Nas telas 06/02/2020 07h32 Atualizado às 08h02

"Aves de Rapina: Arlequina" estreia nos cinemas de Santa Cruz

O filme dará continuidade à história de Harley Quinn, a Arlequina, e mostrará como a personagem lida com o término de seu relacionamento com o famoso e inigualável Coringa

Não bastasse a boa programação que já está em cartaz, os dois cinemas de Santa Cruz do Sul a incrementam ainda mais com a estreia, nesta quinta-feira, 6, de Aves de Rapina: Arlequina, de Cathy Yan, que já havia nos dado Dead Pigs. O filme dará continuidade à história de Harley Quinn, a Arlequina (que volta a ser interpretada – e muito bem – por Margot Robbie), e mostrará como a personagem lida com o término de seu relacionamento com o famoso e inigualável… Coringa. Sim, ela era a companheira dele, lembram?

A Warner Bros. divulgou o trailer no final do ano passado, e nele é possível ver Harley vivendo os altos e baixos de um fim de relacionamento e questionando o propósito da existência de uma arlequina. “A função do arlequim é servir. Ele não é nada sem um amo. E ninguém dá a mínima para o que somos além disso”, diz ela nos primeiros segundos do vídeo. Quando Harley Quinn monta uma equipe formada por Canário Negro (Jurnee Smolet), a policial Renee Montoya (Rosie Perez) e Caçadora (Mary Elizabeth Winstead), ela parece ganhar uma nova vida. Elas se juntam para proteger Gotham do mafioso Roman Sionis, o Máscara Negra (vivido por Ewan McGregor).

É uma das mais celebradas equipes do Universo DC nos cinemas. Reunindo heroínas do núcleo urbano de Gotham, o grupo combate criminosos que escapam da vigilância do próprio Batman. Porém, a formação do time no filme foge dos moldes “clássicos”, já que agora elas são lideradas pela Arlequina, e não pela Batgirl. Porém, o longa reflete na tela os distintos níveis de popularidade das personagens e reinventa a franquia para se adequar ao fenômeno em que a anti-heroína vivida por Margot Robbie se tornou nos últimos anos.

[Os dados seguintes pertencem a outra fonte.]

(* Let $\rho \in \mathcal{S}$ and let $\sigma \in \mathcal{P}$ be non-zero. Then \[ D^{\mathbb{P}}(\rho\|\sigma)=\sup_{\omega > 0}\Big(\operatorname{tr}[\rho \log \omega] - \log \operatorname{tr}[\sigma \omega]\Big)=\sup_{\omega > 0}\Big( \operatorname{tr}[\rho \log \omega]+1-\operatorname{tr}[\sigma \omega]\Big), \] where the suprema are over positive definite operators $\omega$ on the $d$-dimensional Hilbert space (all three quantities equal $+\infty$ when the support of $\rho$ is not contained in the support of $\sigma$). Moreover, if $\rho>0$ and $\sigma>0$ (positive definite), both suprema are attained.
   Context: Work on a $d$-dimensional complex Hilbert space ($d\in\mathbb{N}$). $\mathcal{P}$ denotes the set of positive semidefinite operators and $\mathcal{S}\subset\mathcal{P}$ the density operators (unit trace). $\log$ is the natural logarithm. The projectively measured relative entropy is \[ D^{\mathbb{P}}(\rho\|\sigma) := \sup_{ \{ P_i \}_{i=1}^d} \sum_{i=1}^d \operatorname{tr} [P_i \rho] \log \frac{\operatorname{tr} [P_i \rho]}{\operatorname{tr} [P_i \sigma]}, \] the supremum over all families of $d$ mutually orthogonal (rank-one) projectors, with conventions $0\log\frac{0}{q}=0$ and $p\log\frac{p}{0}=+\infty$ for $p>0$. *)

(* complex numbers as pairs of Stdlib reals, d x d complex
   matrices as functions nat -> nat -> C whose entries with indices < d
   are the only relevant ones. *)
From Stdlib Require Import Reals Arith.
Open Scope R_scope.

Definition C := (R * R)%type.
Definition C0 : C := (0, 0).
Definition C1 : C := (1, 0).
Definition RtoC (r : R) : C := (r, 0).
Definition Cadd (a b : C) : C := (fst a + fst b, snd a + snd b).
Definition Cmul (a b : C) : C :=
  (fst a * fst b - snd a * snd b, fst a * snd b + snd a * fst b).
Definition Cconj (a : C) : C := (fst a, - snd a).

Fixpoint csum (n : nat) (f : nat -> C) : C :=
  match n with
  | O => C0
  | S m => Cadd (csum m f) (f m)
  end.

Definition Vec := nat -> C.
Definition Mat := nat -> nat -> C.

Definition mmul (d : nat) (A B : Mat) : Mat :=
  fun i j => csum d (fun k => Cmul (A i k) (B k j)).
Definition mapply (d : nat) (A : Mat) (x : Vec) : Vec :=
  fun i => csum d (fun j => Cmul (A i j) (x j)).
Definition inner (d : nat) (x y : Vec) : C :=
  csum d (fun i => Cmul (Cconj (x i)) (y i)).
Definition trace (d : nat) (A : Mat) : C := csum d (fun i => A i i).
Definition outer (x y : Vec) : Mat := fun i j => Cmul (x i) (Cconj (y j)).

Definition meq (d : nat) (A B : Mat) : Prop :=
  forall i j, (i < d)%nat -> (j < d)%nat -> A i j = B i j.

Definition hermitian (d : nat) (A : Mat) : Prop :=
  forall i j, (i < d)%nat -> (j < d)%nat -> A i j = Cconj (A j i).

Definition psd (d : nat) (A : Mat) : Prop :=
  hermitian d A /\ forall x : Vec, 0 <= fst (inner d x (mapply d A x)).

Definition nonzero_vec (d : nat) (x : Vec) : Prop :=
  exists i, (i < d)%nat /\ x i <> C0.

Definition pd (d : nat) (A : Mat) : Prop :=
  hermitian d A /\
  forall x : Vec, nonzero_vec d x -> 0 < fst (inner d x (mapply d A x)).

Definition density (d : nat) (A : Mat) : Prop := psd d A /\ trace d A = C1.

Definition nonzero_mat (d : nat) (A : Mat) : Prop :=
  exists i j, (i < d)%nat /\ (j < d)%nat /\ A i j <> C0.

Definition rank1_proj (d : nat) (P : Mat) : Prop :=
  exists u : Vec, inner d u u = C1 /\ meq d P (outer u u).

Definition proj_family (d : nat) (P : nat -> Mat) : Prop :=
  (forall i, (i < d)%nat -> rank1_proj d (P i)) /\
  (forall i j, (i < d)%nat -> (j < d)%nat -> i <> j ->
     meq d (mmul d (P i) (P j)) (fun _ _ => C0)).

Inductive ER := Fin (r : R) | PInf | MInf.

Definition Ele (x y : ER) : Prop :=
  match x, y with
  | MInf, _ => True
  | _, PInf => True
  | Fin a, Fin b => a <= b
  | _, _ => False
  end.

Definition Eadd (x y : ER) : ER :=
  match x, y with
  | Fin a, Fin b => Fin (a + b)
  | PInf, _ | _, PInf => PInf
  | _, _ => MInf
  end.

Fixpoint Esum (n : nat) (f : nat -> ER) : ER :=
  match n with
  | O => Fin 0
  | S m => Eadd (Esum m f) (f m)
  end.

Definition is_lub_E (S : ER -> Prop) (v : ER) : Prop :=
  (forall y, S y -> Ele y v) /\
  (forall z, (forall y, S y -> Ele y z) -> Ele v z).

Definition rel_term (p q : R) : ER :=
  if Req_EM_T p 0 then Fin 0
  else if Req_EM_T q 0 then PInf
  else Fin (p * ln (p / q)).

Definition meas_value (d : nat) (rho sigma : Mat) (P : nat -> Mat) : ER :=
  Esum d (fun i => rel_term (fst (trace d (mmul d (P i) rho)))
                            (fst (trace d (mmul d (P i) sigma)))).

(* the set whose supremum is D^P(rho||sigma) *)
Definition DP_set (d : nat) (rho sigma : Mat) (v : ER) : Prop :=
  exists P, proj_family d P /\ v = meas_value d rho sigma P.

Definition orthonormal (d : nat) (u : nat -> Vec) : Prop :=
  forall i j, (i < d)%nat -> (j < d)%nat ->
    inner d (u i) (u j) = if Nat.eq_dec i j then C1 else C0.

Definition spectral_sum (d : nat) (u : nat -> Vec) (f : nat -> R) : Mat :=
  fun i j => csum d (fun k => Cmul (RtoC (f k)) (outer (u k) (u k) i j)).

Definition mat_log (d : nat) (w L : Mat) : Prop :=
  exists (u : nat -> Vec) (lam : nat -> R),
    orthonormal d u /\ (forall k, (k < d)%nat -> 0 < lam k) /\
    meq d w (spectral_sum d u lam) /\
    meq d L (spectral_sum d u (fun k => ln (lam k))).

Nos quadrinhos, as Aves de Rapina apareceram apenas em 1996, mas as raízes para a sua criação surgiram em A Piada Mortal, clássica história do Batman publicada no fim da década de 1980. Na HQ, o Coringa decide provar sua teoria de que basta um dia ruim para enlouquecer alguém, e no processo invade a casa do Comissário Gordon, atira em Barbara Gordon, a Batgirl, e deixa a heroína paraplégica. Originalmente, a história não faria parte da continuidade oficial, mas devido à popularidade entre os fãs, a DC Comics decidiu incluí-la em seu cânone. Como resultado, a personagem praticamente desapareceu dos quadrinhos até ganhar uma nova identidade na HQ do Esquadrão Suicida.

Origem
Apresentada em um episódio da clássica série animada do Batman, a vilã se tornou uma das favoritas do público no decorrer de suas curtas aparições como ajudante e interesse amoroso do Coringa. Ganhando cada vez mais espaço no desenho – a ponto de ser a protagonista de diversos episódios – e fazendo participações em HQs derivadas da animação, a DC Comics encomendou uma história que revelasse a origem da palhaça. Escrita e desenhada por Paul Dini e Bruce Timm, dupla que encabeça a equipe do seriado, a HQ Louco Amor apresentou a trágica jornada da psicóloga Harleen Quinzel, que passou de psicóloga do Palhaço do Crime para sua admiradora e, por fim, amante e aliada. Vencedor do prêmio Eisner, a HQ abriu as portas para a vilã, que no futuro ganharia sua própria revista solo e papel de destaque em Esquadrão Suicida.